An $11 Trillion Opportunity – Why we need to act now to build a green bank in Georgia

This is a multi-part series on why we should get serious about launching a green bank in Georgia. “Green banks” is a bit of a misnomer because they don’t offer retail banking like checking and savings accounts or traditional investment banking services. They operate more like community development financial institutions (CDFI), investing in small- to medium-sized businesses in under-served markets. For green banks, that under-served market is made up of the businesses leading our transition to a low-carbon economy. I’ll get more into how green banks work in Part II. For now, let’s focus on the urgency.

Part I – The $11 Trillion Opportunity

With the Inflation Reduction Act of 2022 (IRA), the U.S. set out to dramatically accelerate investment in decarbonizing our economy. Just a year in, there are signs it’s working. S&P reports that the first year tallied 83 investments in clean energy manufacturing facilities, including the $2.5B Hamwa Q-Cells expansion in Georgia.
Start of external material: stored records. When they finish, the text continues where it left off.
Definition cosh_side_deriv (eps delta : Z) (phi r : idx -> R) (m j : idx) : R :=
  if idx_eqb m j then 0 else
  (tau (- (eps * delta)) (r j) * cosh_side eps delta phi r m
   - IZR eps * tau (- (eps * delta)) (r (third m j))) / tau (eps * delta) (r j).

Lemma derivable_pt_lim_cosh_side eps delta phi r m j :
  (delta = (-1)%Z \/ delta = 0%Z \/ delta = 1%Z) -> tau (eps * delta) (r j) <> 0 ->
  derivable_pt_lim (fun t => cosh_side eps delta phi (upd r j t) m) (r j)
    (cosh_side_deriv eps delta phi r m j).
Proof.
  intros Hdelta Hj. unfold cosh_side_deriv, cosh_side.
  destruct m, j; cbv [upd idx_eqb nxt third];
    first [ apply derivable_pt_lim_const
          | apply derivable_pt_lim_cosh_third_l; assumption
          | apply derivable_pt_lim_cosh_third_r; assumption ].
Qed.

Lemma upd_same (r : idx -> R) j : upd r j (r j) = r.
Proof.
  apply functional_extensionality. intros m. unfold upd. destruct m, j; reflexivity.
Qed.

Definition theta_deriv_r (eps delta : Z) (phi r : idx -> R) (i j : idx) : R :=
  let C := cosh_side eps delta phi r in
  let dC m := cosh_side_deriv eps delta phi r m j in
  angle_deriv eps (C i) (C (nxt i)) (C (nxt (nxt i))) (dC i) (dC (nxt i)) (dC (nxt (nxt i))).

Lemma derivable_pt_lim_theta eps delta phi r i j :
  (eps = 1%Z \/ eps = (-1)%Z) -> (delta = (-1)%Z \/ delta = 0%Z \/ delta = 1%Z) ->
  tau (eps * delta) (r j) <> 0 -> (forall m, 1 < cosh_side eps delta phi r m) ->
  0 < angle_delta eps (cosh_side eps delta phi r i) (cosh_side eps delta phi r (nxt i))
        (cosh_side eps delta phi r (nxt (nxt i))) ->
  derivable_pt_lim (fun t => theta eps delta phi (upd r j t) i) (r j)
    (theta_deriv_r eps delta phi r i j).
Proof.
  intros Heps Hdelta Hj HC HD.
  replace (fun t => theta eps delta phi (upd r j t) i) with
    (fun t => angle_fn eps
       ((cosh (arcosh (cosh_side eps delta phi (upd r j t) (nxt i)))
         * cosh (arcosh (cosh_side eps delta phi (upd r j t) (nxt (nxt i))))
         - IZR eps * cosh (arcosh (cosh_side eps delta phi (upd r j t) i)))
        / (sinh (arcosh (cosh_side eps delta phi (upd r j t) (nxt i)))
           * sinh (arcosh (cosh_side eps delta phi (upd r j t) (nxt (nxt i)))))))
    by (apply functional_extensionality; intros t; symmetry;
        exact (gen_angle_angle_fn eps _ i Heps)).
  eapply derivable_pt_lim_eq_value.
  - apply (derivable_pt_lim_angle eps (fun t => cosh_side eps delta phi (upd r j t) i)
             (fun t => cosh_side eps delta phi (upd r j t) (nxt i))
             (fun t => cosh_side eps delta phi (upd r j t) (nxt (nxt i))));
      try apply derivable_pt_lim_cosh_side; try assumption; rewrite upd_same; auto.
  - rewrite upd_same. reflexivity.
Qed.

Lemma theta_deriv_r_sym eps delta phi r i j : (eps = 1%Z \/ eps = (-1)%Z) ->
  (forall m, tau (eps * delta) (r m) <> 0) -> (forall m, 1 < cosh_side eps delta phi r m) ->
  0 < angle_delta eps (cosh_side eps delta phi r i1) (cosh_side eps delta phi r i2)
        (cosh_side eps delta phi r i3) ->
  theta_deriv_r eps delta phi r i j * tau (eps * delta) (r j)
  = theta_deriv_r eps delta phi r j i * tau (eps * delta) (r i).
Proof.
  intros Heps Htau HC HD.
  pose proof (HC i1). pose proof (HC i2). pose proof (HC i3).
  destruct i, j; try reflexivity; unfold theta_deriv_r, cosh_side_deriv;
    cbv [idx_eqb nxt third];
    rewrite ?(angle_deriv_swap _ _ _ _ _ _ 0);
    rewrite !angle_deriv_scaled by (auto; unfold angle_delta in *; lra);
    apply angle_deriv_sym_comm.
Qed.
Research from Goldman Sachs suggests the IRA will provide $1.2 trillion in market incentives triggering $11 trillion of total infrastructure spending by 2050. A large share of that spending will happen before 2033, when the generous Investment Tax Credit (ITC) and Production Tax Credit (PTC) taper off. According to Goldman, investment of this scale has the potential to “make most clean tech — solar, wind, electric vehicles (EVs), and storage, as well as bioenergy, clean hydrogen, and carbon capture — profitable.” The key is scale.

Hamwa Q-Cells isn’t the only big IRA-related announcement in Georgia. An AJC analysis found “35 projects building everything from EVs to e-bikes and the batteries that power them” and pledges to create some 28,000 jobs. Another study from Energy Innovation suggests the state can add $4.8 billion annually to the GDP by 2030 and over 34,000 jobs across manufacturing, construction, and sales industries. That could be an under count. Energy.gov, an EPA website, says that battery supply chain-related investments alone already promise 23,000 new jobs and over $26 billion of investment for the state.
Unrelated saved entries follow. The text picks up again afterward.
(* Let $V$ be a finite nonempty set, $U,U'\subseteq V$ disjoint, $U''=V\setminus(U\cup U')$, $i\in U$, $j\in U'$, and $\hat x$ a maximally specific partial function on $P_V$. Let $P'_{01}=\{pq\in U\times U'\mid \hat x_{pi}\neq 0\neq \hat x_{jq}\}\setminus\hat x^{-1}(1)$ and $P'_{10}=\big((U''\times U)\cup(U'\times U)\cup(U'\times U'')\big)\setminus\hat x^{-1}(0)$. Then $P_{01}[\gamma^{ij|1}]\subseteq P'_{01}$ and $P_{10}[\gamma^{ij|1}]\subseteq P'_{10}$.
   Context: $P_V=\{pq\in V^2\mid p\neq q\}$; $X_V$ is the set of $x\in\{0,1\}^{P_V}$ with $x_{pq}+x_{qr}-x_{pr}\le 1$ for all pairwise distinct $p,q,r\in V$. A partial function $\tilde x$ is a map from $\operatorname{dom}(\tilde x)\subseteq P_V$ to $\{0,1\}$, $\tilde x^{-1}(b)$ the pairs mapped to $b$; convention $\tilde x_{aa}=1$ and $x_{aa}=1$ for all $a\in V$, $x\in X_V$. $X_V[\tilde x]=\{x\in X_V\mid x_{pq}=\tilde x_{pq}\ \forall pq\in\operatorname{dom}(\tilde x)\}$. A pair $pq$ is decided if $x_{pq}=x'_{pq}$ for all $x,x'\in X_V[\tilde x]$; $\tilde x$ is maximally specific if $X_V[\tilde x]\ne\emptyset$ and the decided pairs are exactly $\operatorname{dom}(\tilde x)$. For $A,B\subseteq V$ disjoint with $A\cup B=V$, the dicut map $\sigma_{A\times B}\colon X_V\to X_V$ sets $\sigma_{A\times B}(x)_{pq}=0$ if $pq\in A\times B$ and $=x_{pq}$ otherwise. For $ij\in P_V$, the join map $\sigma_{ij}\colon X_V\to X_V$ sets $\sigma_{ij}(x)_{pq}=1$ if $x_{pi}=x_{jq}=1$ and $=x_{pq}$ otherwise. Let $\gamma=\sigma_{ij}\circ\sigma_{(V\setminus U)\times U}\circ\sigma_{U'\times(V\setminus U')}$ and $\gamma^{ij|1}\colon X_V[\hat x]\to X_V$ with $\gamma^{ij|1}(x)=x$ if $x_{ij}=1$ and $\gamma^{ij|1}(x)=\gamma(x)$ if $x_{ij}=0$. For a map $\sigma\colon X_V[\hat x]\to X_V$ and $a,b\in\{0,1\}$, $P_{ab}[\sigma]=\{e\in P_V\mid\exists x\in X_V[\hat x]: x_e=a\wedge\sigma(x)_e=b\}$. *)

From mathcomp Require Import all_boot.
Set Implicit Arguments. Unset Strict Implicit. Unset Printing Implicit Defensive.

Section Defs.
Variable V : finType.

(* An element x of {0,1}^{P_V} is represented as a relation V -> V -> bool;
   only its values on P_V (p != q) matter, the diagonal is fixed to 1 by the
   convention x_aa = 1. *)
Definition in_XV (x : rel V) : Prop :=
  (forall a, x a a = true) /\
  (forall p q r, p != q -> q != r -> p != r -> x p q -> x q r -> x p r).

(* A partial function on P_V: xh p q = Some b means pq in dom with value b;
   values on the diagonal are ignored (dom is a subset of P_V). *)
Definition pfun := V -> V -> option bool.

Definition in_dom (xh : pfun) (p q : V) : Prop := p != q /\ xh p q <> None.

Definition xval (xh : pfun) (p q : V) : option bool :=
  if p == q then Some true else xh p q.

Definition in_XVh (xh : pfun) (x : rel V) : Prop :=
  in_XV x /\ forall p q, p != q -> forall b, xh p q = Some b -> x p q = b.

Definition decided (xh : pfun) (p q : V) : Prop :=
  forall x x', in_XVh xh x -> in_XVh xh x' -> x p q = x' p q.

Definition maximally_specific (xh : pfun) : Prop :=
  (exists x, in_XVh xh x) /\
  (forall p q, p != q -> (decided xh p q <-> in_dom xh p q)).

Definition sigma_dicut (A B : {set V}) (x : rel V) : rel V :=
  fun p q => if (p \in A) && (q \in B) then false else x p q.

Definition sigma_join (i j : V) (x : rel V) : rel V :=
  fun p q => if x p i && x j q then true else x p q.

Definition gamma (U U' : {set V}) (i j : V) (x : rel V) : rel V :=
  sigma_join i j (sigma_dicut (~: U) U (sigma_dicut U' (~: U') x)).

Definition gamma1 (U U' : {set V}) (i j : V) (x : rel V) : rel V :=
  if x i j then x else gamma U U' i j x.

Definition Pab (xh : pfun) (sigma : rel V -> rel V) (a b : bool) (p q : V) : Prop :=
  p != q /\ exists x, in_XVh xh x /\ x p q = a /\ sigma x p q = b.

Definition P'01 (xh : pfun) (U U' : {set V}) (i j : V) (p q : V) : Prop :=
  [/\ p \in U, q \in U', xval xh p i <> Some false, xval xh j q <> Some false
    & ~ (p != q /\ xh p q = Some true)].

Definition P'10 (xh : pfun) (U U' : {set V}) (p q : V) : Prop :=
  let U'' := ~: (U :|: U') in
  ((p \in U'') && (q \in U) || (p \in U') && (q \in U) || (p \in U') && (q \in U''))
  /\ ~ (p != q /\ xh p q = Some false).

End Defs.

From mathcomp Require Import all_boot.

(* The two dicuts can only turn entries of x from 1 to 0, the join only from
   0 to 1.  An entry pq lowered by gamma lies in one of the dicut regions
   ((V\U) x U or U' x (V\U')), and an entry raised by gamma is
   joined through ij, which after the dicuts forces p in U, q in U' and
   x_pi = x_jq = 1.  Since every x in X_V[xh] agrees with xh on its domain,
   such entries of x avoid the values forbidden by P'_01 and P'_10. *)

Set Implicit Arguments.
Unset Strict Implicit.
Unset Printing Implicit Defensive.

Section FlipMaps.
Variable V : finType.
Implicit Types (A B U : {set V}) (x : rel V) (i j p q : V).

Lemma sigma_dicutP A B x p q :
  sigma_dicut A B x p q = ~~ ((p \in A) && (q \in B)) && x p q.
Proof. by rewrite /sigma_dicut; case: ifP. Qed.

Lemma sigma_joinP i j x p q :
  sigma_join i j x p q = x p i && x j q || x p q.
Proof. by rewrite /sigma_join; case: ifP. Qed.

Lemma gamma_flip01 U (U' : {set V}) i j x p q :
  [disjoint U & U'] -> i \in U -> j \in U' ->
  ~~ x p q -> gamma U U' i j x p q ->
  [/\ p \in U, q \in U', x p i & x j q].
Proof.
move=> dUU' iU jU' xpq.
have jNU : j \notin U by rewrite (disjointFl dUU').
have iNU' : i \notin U' by rewrite (disjointFr dUU').
rewrite /gamma sigma_joinP !sigma_dicutP !inE (negbTE xpq) !andbF orbF.
rewrite iU jU' (negbTE jNU) (negbTE iNU') /= !andbT !negbK.
by case/and4P=> /and3P[-> _ ->] _ -> ->.
Qed.

Lemma gamma_flip10 U (U' : {set V}) i j x p q :
  x p q -> ~~ gamma U U' i j x p q ->
  (p \in ~: (U :|: U')) && (q \in U) || (p \in U') && (q \in U)
    || (p \in U') && (q \in ~: (U :|: U')).
Proof.
rewrite /gamma sigma_joinP !sigma_dicutP !inE => -> /=; rewrite negb_or => /andP[_].
by case: (p \in U); case: (p \in U'); case: (q \in U); case: (q \in U').
Qed.

Lemma gamma1_flip U (U' : {set V}) i j x p q :
  gamma1 U U' i j x p q != x p q -> gamma U U' i j x p q != x p q.
Proof. by rewrite /gamma1; case: ifP => //; rewrite eqxx. Qed.

End FlipMaps.

Section RestrictedSolutions.
Variable V : finType.
Implicit Types (xh : pfun V) (x : rel V) (p q : V).

Lemma in_XVh_dom xh x p q b :
  in_XVh xh x -> x p q = b -> ~ (p != q /\ xh p q = Some (~~ b)).
Proof. by case=> _ xh_x <- [pq /(xh_x _ _ pq)]; case: (x p q). Qed.

Lemma in_XVh_xval xh x p q :
  in_XVh xh x -> x p q -> xval xh p q <> Some false.
Proof.
move=> Xx xpq; rewrite /xval; case: eqP => // /eqP pq xhpq.
exact: in_XVh_dom Xx xpq (conj pq xhpq).
Qed.

End RestrictedSolutions.

Theorem lemma6p4 (V : finType) (v0 : V) (U U' : {set V}) (i j : V)
    (xh : pfun V) :
  [disjoint U & U'] -> i \in U -> j \in U' -> maximally_specific xh ->
  (forall p q, Pab xh (gamma1 U U' i j) false true p q -> P'01 xh U U' i j p q) /\
  (forall p q, Pab xh (gamma1 U U' i j) true false p q -> P'10 xh U U' p q).
Proof.
move=> dUU' iU jU' _; split=> p q [pq [x [Xx [xpq gxpq]]]].
- have /gamma1_flip : gamma1 U U' i j x p q != x p q by rewrite xpq gxpq.
  rewrite xpq eqbF_neg negbK => raised.
  have [pU qU' xpi xjq] := gamma_flip01 dUU' iU jU' (negbT xpq) raised.
  split=> //; [exact: in_XVh_xval Xx xpi | exact: in_XVh_xval Xx xjq |].
  exact: in_XVh_dom Xx xpq.
- have /gamma1_flip : gamma1 U U' i j x p q != x p q by rewrite xpq gxpq.
  rewrite xpq eqb_id => lowered.
  split; last exact: in_XVh_dom Xx xpq.
  exact: gamma_flip10 xpq lowered.
Qed.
While most of the IRA’s incentives come from tax credits, the direct funding programs are just as important and slightly more predictable. Of the $109 billion in direct funding, the largest single appropriation is $27B for the Environmental Protection Agency (EPA) to create the Greenhouse Gas Reduction Fund (GGRF). The GGRF has a mandate to:

“mobilize financing and private capital to address the climate crisis, ensure our country’s economic competitiveness, and promote energy independence while delivering lower energy costs and economic revitalization to communities that have historically been left behind.”

https://www.epa.gov/greenhouse-gas-reduction-fund

Data from CTVC – Climate Tracker / EPA – Greenhouse Gas Reduction Fund

Georgia has momentum on many of the opportunities the GGRF mandate outlines. The state is already responding to climate change and energy independence. Since 2017 the state’s carbon footprint has declined by 5% while GDP grew by 10%. That significant reduction in carbon intensity has come mainly from our electric grid. Georgia is ranked 7th nationwide with over 5 GW of installed solar, enough to power nearly 600 thousand homes. The state also benefits from significant growth in nuclear energy, but considering the cost overruns and delays, there is little chance we will see that grow beyond Plant Vogtle Units 3 & 4.

Progress is progress, but there is more that needs to be done. Last year alone, state utilities imported $3.7 billion of coal, gas, and oil.  Those are essential dollars leaving the state while far too many of our residents need help to afford their energy bills. This is an opportune time for us to build on the existing momentum and respond to ongoing needs.

But we need to act fast. The EPA’s mandate requires them to get GGRF funds out by 2024. The urgency to deploy capital has led to some confusion, but what we do know is that there are three main programs designed to get the money out quickly:

  • National Clean Investment Fund has $14B to expand the investment capabilities of 2 to 3 national-scale clean energy-focused nonprofit financial institutions.
  • Clean Communities Investment Accelerator has $6B to fund up to 7 nonprofits committed to building the clean-energy funding capacity of community lenders in under-invested neighborhoods.
  • Solar for All program with $7B for up to 60 grants for states, municipalities, and organizations supporting low-income residential solar projects.

The fact that Georgia has been able to scale GDP while reducing carbon intensity proves it can be done. The next step is to include the state’s 1.2 million small and medium businesses while ensuring the benefits reach those who most need them. That will prove more complex, and that complexity is, in part, the justification for a green bank. As the urgency of action meets the real needs of thousands of businesses and millions of residents, there needs to be a dedicated, nimble, and committed team that knows how to make and manage impactful investments.